Enseigner Java par la Programmation Extrême
Voici le second article d’une série qui se penche sur la façon dont Java est enseigné aux nouveaux programmeurs. Dans le premier article, je me suis intéressé au célèbre premier programme toujours présenté, HelloWorld. Je défendais dans cet article que, bien que ce soit un bon moyen de vérifier que le système fonctionne, ce n’était pas un bon moyen de débuter en Java ou dans tout autre langage de programmation orienté objet. En dépit de la ressemblance avec la syntaxe du C, nous ne devons pas enseigner Java comme s’il s’agissait d’un C avec des objets. Il faut d’abord présenter les objets.
Votre réaction à l’article précédent a été formidable. De nombreuses personnes m’ont soumis des idées de méthodes ou d’approches qui étaient parfois très originales. Il y en a qui sont partisans de ne pas enseigner les objets dès le début (mais plutôt les pointeurs et l’allocation de la mémoire) et d’autres qui pensent que Java est un joujou agréable à enseigner mais mais n’est pas fait pour du développement “sérieux”. Les étudiants et les développeurs doivent étudier le fonctionnement de la mémoire et doivent apprendre différents langages et différentes approches. La Programmation Orientée Objet (POO) de Java est une bonne entrée en matière pour programmer. Cette série d’articles va donc continuer avec cette approche “extrême” de l’enseignement.
Parmi les réponses que j’ai reçues, certains pensaient que la POO n’était qu’une couche de plus sur la programmation procédurale, et que les appels de méthodes au fond n’étaient que des appels de fonctions déguisés. Dans un prochain article, nous examinerons de plus près le concept selon lequel “un objet est au moins d’un certain type”. Un appel d’une méthode polymorphique est un appel de fonctions : Vous le faîtes sans savoir quel objet voire même quel type d’objet va répondre. Au moment de la compilation, l’objet qui vous finirez par appeler lors de l’exécution n’existe peut-être pas encore !
Dans cet article, nous allons commencer par regarder un petit programme pour commencer à apprendre à programmer. En Programmation Extrême (Extreme Programming) vous avez une tâche que vous voulez accomplir. Au sein de cette tâche, vous choisissez un premier objectif tangible. Vous définissez comment vous allez vérifier que vous avez bien atteint ce but. Vous écrivez le test à passer et ensuite le code qui permettra de franchir avec succès ce test.

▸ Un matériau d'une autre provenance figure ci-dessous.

Lemma factorization_perm : perm_eq f L.
Proof.
have [hat hsum] := hf; apply: uniq_perm.
- apply: uniq_agg_sum_le1 => [h /hat /atom_neq0 //|y].
  by rewrite hsum sum_indicatorsE leq_b1.
- by rewrite map_inj_in_uniq ?enum_uniq // => i j _ _ /indicator_inj.
- move=> x; apply/idP/mapP => [/factor_eq_indicator [i ->]|[i _ ->]].
    by exists i; rewrite ?mem_enum.
  exact: indicator_mem_factor.
Qed.

End Factorization.

Lemma sum_indicators_factorization :
  (exists f, factorization r f (agg_sum L)) /\
  (forall f1 f2, factorization r f1 (agg_sum L) -> factorization r f2 (agg_sum L) ->
     perm_eq f1 f2).
Proof.
split=> [|f1 f2 hf1 hf2].
  by exists L; split=> // x /mapP [i _ ->]; apply: connected_indicator_atom.
by rewrite (perm_trans (factorization_perm hf1)) // perm_sym factorization_perm.
Qed.

End DisjointSubgraphs.

End NonemptyEdges.

End Agglomerations.

Theorem lemma4p12 (V E : finType) (r : E -> {set V})
    (hr : forall e : E, #|r e| = 2) (hV : 0 < #|V|) :
  (* (1) *)
  (forall a : aggT V E, atom r a ->
     (prime_el r a <-> forall v : V, 0 < a (inl v) -> deg r v <= 1)) /\
  (* (2) *)
  (forall (a b : aggT V E) (n : nat), atom r a -> is_agg r b -> 1 <= n ->
     summand r a (agg_scale n b) -> summand r a b) /\
  (* (3) *)
  (forall a : aggT V E, atom r a -> abs_irreducible r a) /\
  (* (4) *)
  (forall (s : nat) (Vs : 'I_s -> {set V}) (Es : 'I_s -> {set E}),
     (forall i, is_subgraph r (Vs i) (Es i)) ->
     (forall i, Vs i != set0) ->
     (forall i, sub_connected r (Vs i) (Es i)) ->
     (forall i j, i != j -> [disjoint Vs i & Vs j] /\ [disjoint Es i & Es j]) ->
     let a := agg_sum [seq indicator (Vs i) (Es i) | i <- enum 'I_s] in
     (exists f, factorization r f a) /\
     (forall f1 f2, factorization r f1 a -> factorization r f2 a -> perm_eq f1 f2)).
Proof.
have r_neq0 e : r e != set0 by rewrite -card_gt0 hr.
split; [exact: prime_atomP | split; [|split]].
- move=> a b n ha hb hn; have [hag _ _] := ha.
  exact: summand_scale hag (atom_le1 ha) hb hn.
- exact: atom_abs_irreducible.
- move=> s Vs Es hsub hne hconn hdisj; exact: sum_indicators_factorization.
Qed.
Definition fpush (A : eqType) (a : A * bool) (w : word A) : word A :=
  match w with
  | b :: w' => if (a.1 == b.1) && (a.2 != b.2) then w' else a :: w
  | [::] => [:: a]
  end.
Definition freduce (A : eqType) (w : word A) : word A := foldr (@fpush A) [::] w.

(* A group is given by its carrier, an equality (setoid) relation and
   operations; the concrete groups below (free groups, presented groups)
   are genuine groups w.r.t. [geq]. *)
Record grp := Grp {
  gcar :> Type;
  geq : gcar -> gcar -> Prop;
  gmul : gcar -> gcar -> gcar;
  ginv : gcar -> gcar;
  gone : gcar }.

Definition free_grp (A : eqType) : grp :=
  @Grp (word A) (fun u v => freduce u = freduce v) (@cat _) (@winv A) [::].

Inductive ncl (A : eqType) (R : word A -> Prop) : word A -> Prop :=
| ncl_nil : ncl R [::]
| ncl_conj (u r w : word A) (b : bool) :
    R r -> ncl R w -> ncl R (u ++ (if b then winv r else r) ++ winv u ++ w)
| ncl_red (w w' : word A) : freduce w = freduce w' -> ncl R w -> ncl R w'.

Definition presented_grp (A : eqType) (R : word A -> Prop) : grp :=
  @Grp (word A) (fun u v => ncl R (u ++ winv v)) (@cat _) (@winv A) [::].

Definition subgroup (G : grp) (H : G -> Prop) : Prop :=
  [/\ (forall x y, geq x y -> H x -> H y), H (gone G),
      (forall x y, H x -> H y -> H (gmul x y)) &
      (forall x, H x -> H (ginv x))].

Definition finite_index (G : grp) (H : G -> Prop) : Prop :=
  exists s : seq G, forall g : G, exists t, List.In t s /\ H (gmul (ginv t) g).

Definition hom_on (G K : grp) (H : G -> Prop) (f : G -> K) : Prop :=
  (forall x y, H x -> H y -> geq x y -> geq (f x) (f y)) /\
  (forall x y, H x -> H y -> geq (f (gmul x y)) (gmul (f x) (f y))).

Definition surj_on (G K : grp) (H : G -> Prop) (f : G -> K) : Prop :=
  forall k : K, exists g, H g /\ geq (f g) k.
Lemma recover_length_correct m : mem_bounded m -> save_state 15 m ->
  reach (5 * n + 7) (38, m) 48
    (fun m' => [/\ m' 0 = 32 * n, m' 1 = 1, m' 4 = n & saved_input 15 m']).
Proof.
move=> bm [m0 m1 saved].
apply: (reach_le (K := 5 + (5 * n + 2))); first lia.
apply: (reach_seq (pc1 := 43) (Q1 := length_state 0)).
  by eapply reachI; [run 5 | done | split; [split; simpl_mem; lia | keep_saved]].
move=> m' bm' st.
apply: (reach_for (Inv := length_state)) bm' st => [j m2 jn bm2|m2 bm2].
  move=> [[r0 r1 r2 r4 r5] sv].
  by eapply reachI; [run 5 | done | split; [split; simpl_mem; lia | keep_saved]].
move=> [[r0 r1 r2 r4 r5] sv].
by eapply reachI; [run 2 | done | split; simpl_mem; try lia; keep_saved].
Qed.

Definition word_copied j m : Prop := forall t, t < j -> m (32 * n + 16 + t) = c t.

Definition layout_regs m : Prop :=
  [/\ m 1 = 1, m 3 = 32 * n + 16, m 4 = n, m 7 = 33 * n + 16 & m 10 = 16].

Definition copy_state j m : Prop :=
  [/\ saved_input 15 m, word_copied j m & [/\ m 0 = 32 * n, m 8 = j & layout_regs m]].

Lemma copy_word_correct m : mem_bounded m ->
  [/\ m 0 = 32 * n, m 1 = 1, m 4 = n & saved_input 15 m] ->
  reach (11 * n + 7) (48, m) 65 (fun m' => word_copied n m' /\ layout_regs m').
Proof.
move=> bm [r0 r1 r4 sv].
apply: (reach_le (K := 5 + (11 * n + 2))); first lia.
apply: (reach_seq (pc1 := 53) (Q1 := copy_state 0)).
  by eapply reachI; [run 5 | done | split; [keep_saved | by [] | repeat split; simpl_mem; lia]].
move=> m' bm' st.
apply: (reach_for (Inv := copy_state)) bm' st => [j m2 jn bm2|m2 bm2].
  move=> [sv2 wc [r0' r8 [r1' r3 r4' r7 r10]]].
  have [j16|j16] := ltnP j 16.
  - have loaded : m2 (m2 0 + m2 8) = c j by rewrite r0' r8; apply: sv2.1.
    eapply reachI; [run 11 | done |].
    split; [keep_saved | | repeat split; simpl_mem; lia].
    move=> t tj; simpl_mem; have [tj'|t_eq] : t < j \/ t = j by lia.
      by decide_eqn; apply: wc.
    by subst t; decide_eqn.
  - have loaded : m2 (m2 8 + m2 1) = c j by rewrite r8 r1' addn1; apply: sv2.2; lia.
    eapply reachI; [run 10 | done |].
    split; [keep_saved | | repeat split; simpl_mem; lia].
    move=> t tj; simpl_mem; have [tj'|t_eq] : t < j \/ t = j by lia.
      by decide_eqn; apply: wc.
    by subst t; decide_eqn.
move=> [sv2 wc [r0' r8 [r1' r3 r4' r7 r10]]].
eapply reachI; [run 2 | done | split; [|repeat split; simpl_mem; lia]].
by move=> t tn; simpl_mem; apply: wc.
Qed.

Dans cet article, j’utiliserai le framework ad hoc pour arriver à mes fins. Ensuite, j’utiliserai JUnit, mais je souhaite, pour commencer, séparer ce qui est fait des outils permettant de le faire. Vous pouvez vous joindre à la discussion à la fin de chaque article (NdT : sur le site US et en anglais) et soumettre de futurs sujets d’articles dans le forum ou en m’envoyant un mail à DSteinberg@core.com (NdT : en anglais aussi évidemment !).
HelloWorld: Votre premier programme Java
Pour schématiser, la programmation orientée objet est une histoire de communication entre objets à travers leurs interfaces visibles. Avec le temps, vous apprendrez à être pointu sur ce que vous exposez au monde extérieur. De façon idéale, vous exposerez très peu de la structure de vos objets et uniquement les comportements que vous permettrez aux autres objets d’invoquer.
Pour un premier programme, voici ce que je veux qu’un débutant apprenne à faire :
- Utiliser un éditeur et un compilateur pour créer des classes Java.
- Créer une classe Java qui pourrait être instanciée comme je vous l’indiquerai.
- Créer une méthode publique dans cette classe qui se conformerait à une interface.
- S’assurer que cette méthode retourne votre prénom dans un format que je peux utiliser.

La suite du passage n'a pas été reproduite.